I also have one ceramic painted plaque of him when he was a young man. I often look at it. I sometimes ask him if my life brings a smile to his face. I wonder if the struggles I am working through are like his struggles. I have told him of my hopes that my work here can somehow bring healing to him in his time, in his life.

I wrote a prayer to him while I was in the Ashram:
You preceded me here by 65 years. 
I am here now, Great Grandfather. 
Are you here too? 
I'd like to see God with you. 
I'd like to live our family's highest and most healing destiny.

I'm the end of your family line on earth. 
I have no blood and bone descendants to follow me. 
The press of time is upon me Great Grandfather. 
So few breaths are left. 
Yet so much living remains for me. 
Who are you in me? 
And what needs to be said or done before I leave this place?

I began to think of lineage. How important it is to touch someone or something connected with another generation? I have a glimmering that what we do, including our smallest habits, directly affects those who came ahead and those who follow us. That time is a circle, not a unidirectional line. I'm not sure that human beings have the physical capacity to understand the physics of spirit and time, yet.

Try to imagine this: everyone you ever loved or hated, every event that sings in your blood, every voice in your genes, every being, is alive right in the here and now. Just because we cannot see through time and dimensional space does not mean that we are alone in this moment. Perhaps God can see all the ancestors and descendants. And God sees them always right in the here and now, along with me and you.

So I come on faith, into an American Ashram, to find parts of me I'd forgotten. One of those parts has a name: Ludwig Muther.
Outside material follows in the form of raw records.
(* For all integers $1\le k\le n$, $\hat E_{k,n}(q)=\hat E_{n+1-k,n}(q)$.
   Context: Place $1,\dots,n$ clockwise on a circle. Distinct $p_1,\dots,p_m$ are in clockwise cyclic order if $(p_2-p_1)\bmod n<\dots<(p_m-p_1)\bmod n$ (residues in $\{0,\dots,n-1\}$). For $\pi\in S_n$ (fixed points regarded as ''counterclockwise loops''), an ordered pair $(i,j)$, $i\ne j$, is aligned if $\pi(j)\ne j$, the entries of $(i,\pi(i),\pi(j),j)$ are pairwise distinct except that possibly $i=\pi(i)$, and the distinct entries in this order are in clockwise cyclic order. An alignment is an unordered pair $\{i,j\}$ with $(i,j)$ or $(j,i)$ aligned; $\mathrm{al}(\pi)$ is their number. A weak excedence of $\pi$ is an $i$ with $\pi(i)\ge i$. $E_{k,n}(q)=\sum q^{k(n-k)-\mathrm{al}(\pi)}$ over $\pi\in S_n$ with exactly $k$ weak excedences, and $\hat E_{k,n}(q)=q^{k-n}E_{k,n}(q)$. *)

(* Points 1..n of the circle are encoded as 'I_n (value v <-> point v+1);
   the cyclic-order condition depends only on differences mod n, so the shift is harmless. *)
From mathcomp Require Import all_boot all_order all_algebra all_fingroup.
Set Implicit Arguments. Unset Strict Implicit. Unset Printing Implicit Defensive.

Definition cdiff (n : nat) (p q : 'I_n) : nat := (q + n - p) %% n.

(* distinct p_1,...,p_m in clockwise cyclic order:
   (p_2-p_1) mod n < ... < (p_m-p_1) mod n *)
Definition cw_ordered (n : nat) (s : seq 'I_n) : bool :=
  match s with
  | [::] => true
  | p1 :: rest => uniq s && sorted ltn [seq cdiff p1 p | p <- rest]
  end.

Definition aligned (n : nat) (pi : 'S_n) (i j : 'I_n) : bool :=
  [&& i != j, pi j != j &
      cw_ordered (if pi i == i then [:: i; pi j; j] else [:: i; pi i; pi j; j])].

Definition al (n : nat) (pi : 'S_n) : nat :=
  #|[set ij : 'I_n * 'I_n | (ij.1 < ij.2) &&
        (aligned pi ij.1 ij.2 || aligned pi ij.2 ij.1)]|.

Definition wex (n : nat) (pi : 'S_n) : nat := #|[set i : 'I_n | i <= pi i]|.

(* Ehat_{k,n}(q) = q^(k-n) * sum_{pi, wex pi = k} q^(k(n-k) - al pi) is a Laurent
   polynomial in q; Ehat_coef n k e is its coefficient of q^e (e : int). *)
Definition Ehat_coef (n k : nat) (e : int) : nat :=
  #|[set pi : 'S_n | (wex pi == k) &&
       ((k%:Z - n%:Z) + ((k * (n - k))%:Z - (al pi)%:Z) == e)%R]|.

From mathcomp Require Import all_boot all_order all_algebra all_fingroup zify.
Set Implicit Arguments. Unset Strict Implicit. Unset Printing Implicit Defensive.
Import GRing.Theory.

(* Let s be the rotation i |-> i+1 of the circle.  The bijection p |-> (s o p)^-1 of S_n
   preserves alignments: (i, j) is aligned for p iff (s p(j), s p(i)) is aligned for
   (s o p)^-1, because the clockwise arrangement (i, p i, p j, j), read from p j, stays
   clockwise when p i and p j are advanced by one step.  It complements weak excedences:
   through y |-> s p(y), the weak excedences of (s o p)^-1 are the y with p(y)+1 <= y
   (mod n), that is the non-excedences of p together with p^-1(n); so k becomes n+1-k.
   Finally k - n + k(n-k) = k(n+1-k) - n is invariant under k |-> n+1-k. *)

Lemma card_sym_pairs n (r : rel 'I_n) : irreflexive r -> symmetric r ->
  #|[set ij : 'I_n * 'I_n | r ij.1 ij.2]| =
  (#|[set ij : 'I_n * 'I_n | (ij.1 < ij.2) && r ij.1 ij.2]|).*2.
Proof.
move=> r_irr r_sym.
set A := [set ij : 'I_n * 'I_n | (ij.1 < ij.2) && r ij.1 ij.2].
pose swap (ij : 'I_n * 'I_n) := (ij.2, ij.1).
have swap_inj : injective swap by move=> [? ?] [? ?] [-> ->].
have -> : [set ij | r ij.1 ij.2] = A :|: swap @^-1: A.
  apply/setP => -[i j]; rewrite !inE /= [r j i]r_sym.
  by case: ltngtP => [||/val_inj->] /=; rewrite ?orbF ?r_irr.
have AI : A :&: swap @^-1: A = set0.
  by apply/setP => -[i j]; rewrite !inE /=; case: ltngtP; rewrite ?andbF.
by rewrite cardsU AI cards0 subn0 card_preimset // addnn.
Qed.

Lemma Ehat_exponentE n k : k <= n ->
  (k%:Z - n%:Z + (k * (n - k))%:Z = (k * (n.+1 - k))%:Z - n%:Z)%R.
Proof. by move=> kn; rewrite subSn // mulnS PoszD addrAC. Qed.

Section Circle.

Variable m : nat.
Local Notation n := m.+1.
(* 'I_n is only a Z-module here; Zp1 is its generator 1 mod n. *)
Local Notation succ x := (x + Zp1)%R.
Implicit Types (a b c d p q t x y z w : 'I_n) (pi : 'S_n).

Lemma cdiffE p q : cdiff p q = val (q - p)%R.
Proof. by rewrite /cdiff /= modnDmr addnBA // ltnW. Qed.

Lemma cdiff_cases p q :
  (p <= q /\ cdiff p q = q - p) \/ (q < p /\ cdiff p q = q + n - p).
Proof.
rewrite /cdiff; case: leqP => pq; [left | right]; split=> //.
  by rewrite -addnBAC // modnDr modn_small // ltn_subLR ?ltn_addl.
by rewrite modn_small //; lia.
Qed.

Lemma val_succ y : (y.+1 < n /\ succ y = y.+1 :> nat) \/ (y.+1 = n /\ succ y = 0%R).
Proof.
have [y_lt | y_max] : y.+1 < n \/ y.+1 = n by have := ltn_ord y; lia.
  by left; rewrite /= modnDmr addn1 modn_small.
by right; split=> //; apply: val_inj; rewrite /= modnDmr addn1 y_max modnn.
Qed.

Lemma cw_ordered_translate t s : cw_ordered [seq (p + t)%R | p <- s] = cw_ordered s.
Proof.
case: s => [|p s] //=.
rewrite (mem_map (addIr t)) (map_inj_uniq (addIr t)) -map_comp.
congr (_ && sorted _ _); apply: eq_map => q /=.
by rewrite !cdiffE [(p + t)%R]addrC addrKA.
Qed.

Lemma cw_ordered3 a b c : cw_ordered [:: a; b; c] =
  [&& a != b :> nat, a != c :> nat, b != c :> nat & cdiff a b < cdiff a c].
Proof. by rewrite /= !inE !negb_or !val_eqE !andbT -!andbA. Qed.

Lemma cw_ordered4 a b c d : cw_ordered [:: a; b; c; d] =
  [&& a != b :> nat, a != c :> nat, a != d :> nat, b != c :> nat,
      b != d :> nat, c != d :> nat, cdiff a b < cdiff a c & cdiff a c < cdiff a d].
Proof. by rewrite /= !inE !negb_or !val_eqE !andbT -!andbA. Qed.

Definition aligned4 x y z w : bool :=
  [&& x != w, z != w & cw_ordered (if y == x then [:: x; z; w] else [:: x; y; z; w])].

Lemma alignedE pi i j : aligned pi i j = aligned4 i (pi i) (pi j) j.
Proof. by []. Qed.

Lemma aligned4_translate t x y z w :
  aligned4 (x + t)%R (y + t)%R (z + t)%R (w + t)%R = aligned4 x y z w.
Proof.
rewrite /aligned4 !(inj_eq (addIr t)).
by case: ifP => _; rewrite -[in RHS](cw_ordered_translate t).
Qed.

Lemma cdiff0 q : cdiff 0%R q = q.
Proof. by rewrite cdiffE subr0. Qed.

Lemma aligned4_succ0 y z w : (0%R == w) = (y == z) ->
  aligned4 0%R y z w = aligned4 (succ z) w 0%R (succ y).
Proof.
have ordE (a b : 'I_n) : (a == b) = (a == b :> nat) by [].
have val0 : nat_of_ord (0%R : 'I_n) = 0 by [].
rewrite /aligned4 !ordE; have := ltn_ord w; have := ltn_ord z; have := ltn_ord y.
have := cdiff_cases (succ z) w; have := cdiff_cases (succ z) 0%R.
have := cdiff_cases (succ z) (succ y).
case: ifP; case: ifP; rewrite ?cw_ordered3 ?cw_ordered4 ?cdiff0 val0.
all: have [[? ->]|[? ->]] := val_succ y; have [[? ->]|[? ->]] := val_succ z.
all: rewrite ?cdiff0 ?val0; lia.
Qed.

(* With (x, y, z, w) = (i, p i, p j, j): the loop y = x on the left becomes the
   adjacency (x, x+1) on the right, and the adjacency w = z+1 becomes a loop. *)
Lemma aligned4_succ x y z w : (x == w) = (y == z) ->
  aligned4 x y z w = aligned4 (succ z) w x (succ y).
Proof.
move=> xw_yz; rewrite -(aligned4_translate (- x)%R) -[RHS](aligned4_translate (- x)%R).
rewrite subrr !(addrAC _ Zp1); apply: aligned4_succ0.
by rewrite -(subrr x) !(inj_eq (addIr _)).
Qed.

Definition rot : 'S_n := perm (addIr Zp1).

Definition dual pi : 'S_n := ((pi * rot)^-1)%g.

Lemma mul_rotE pi i : (pi * rot)%g i = succ (pi i).
Proof. by rewrite permM permE. Qed.

Lemma dual_mul_rot pi i : dual pi ((pi * rot)%g i) = i.
Proof. exact: permK. Qed.

Lemma dual_inj : injective dual.
Proof. by move=> pi1 pi2 /invg_inj/mulIg. Qed.

Lemma aligned_dual pi i j :
  aligned (dual pi) ((pi * rot)%g j) ((pi * rot)%g i) = aligned pi i j.
Proof.
rewrite !alignedE !dual_mul_rot !mul_rotE [RHS]aligned4_succ //.
by rewrite (inj_eq perm_inj).
Qed.

Definition alignment_rel pi : rel 'I_n := fun i j => aligned pi i j || aligned pi j i.

Lemma double_al pi : (al pi).*2 = #|[set ij : 'I_n * 'I_n | alignment_rel pi ij.1 ij.2]|.
Proof.
symmetry; apply: (card_sym_pairs (r := alignment_rel pi)) => [i | i j].
  by rewrite /alignment_rel /aligned eqxx.
exact: orbC.
Qed.

Lemma al_dual pi : al (dual pi) = al pi.
Proof.
apply: double_inj; rewrite !double_al.
pose g ij := ((pi * rot)%g ij.2, (pi * rot)%g ij.1).
have g_inj : injective g by move=> [? ?] [? ?] [/perm_inj -> /perm_inj ->].
rewrite -(card_preimset _ g_inj); apply: eq_card => -[i j].
by rewrite !inE /alignment_rel /= !aligned_dual orbC.
Qed.

Lemma wex_dual pi : wex (dual pi) = n.+1 - wex pi.
Proof.
set W := [set y : 'I_n | succ (pi y) <= y].
set X := [set y : 'I_n | y <= pi y].
have -> : wex (dual pi) = #|W|.
  rewrite /wex -(card_preimset _ (@perm_inj _ (pi * rot)%g)).
  by apply: eq_card => y; rewrite !inE dual_mul_rot mul_rotE.
have WUX : W :|: X = setT.
  by apply/setP => y; rewrite !inE; have [[_ ->]|[_ ->]] := val_succ (pi y) => /=; lia.
have WIX : W :&: X = pi @^-1: [set ord_max].
  apply/setP => y; rewrite !inE -val_eqE; have := ltn_ord y.
  by have [[? ->]|[? ->]] := val_succ (pi y) => /=; lia.
have := cardsUI W X.
rewrite WUX WIX card_preimset ?cards1 ?cardsT ?card_ord; last exact: perm_inj.
by rewrite /wex -/X; lia.
Qed.

End Circle.

Theorem mainTheorem10 (n k : nat) : 1 <= k <= n ->
  forall e : int, Ehat_coef n k e = Ehat_coef n (n.+1 - k) e.
Proof.
case: n => [|m] /andP[k_gt0 k_le] e; first by case: k k_gt0 k_le.
rewrite /Ehat_coef -(card_preimset _ (@dual_inj m)); apply: eq_card => pi.
have wex_le : wex pi <= m.+1 by rewrite -{2}(card_ord m.+1) max_card.
have k'_le : m.+2 - k <= m.+1 by lia.
rewrite !inE wex_dual al_dual !addrA !Ehat_exponentE // subKn ?(leqW k_le) // mulnC.
congr (_ && _); apply/eqP/eqP; lia.
Qed.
There are moments in everyone's life that are transcendent, where figuring it all out loses its gravity. Where connection with love and lineage and being present are all that is real. Those moments ask us to have faith, action and will.  If we pause and pray we can touch what is hidden all around us in plain sight.

I see the results of all your good and difficult work, Great Grandfather. May I have faith in loving kindness. May my actions in these fleeting moments of forever bring healing and happiness.

Who sings in your veins? 
What actions and dreams yearn to live through you?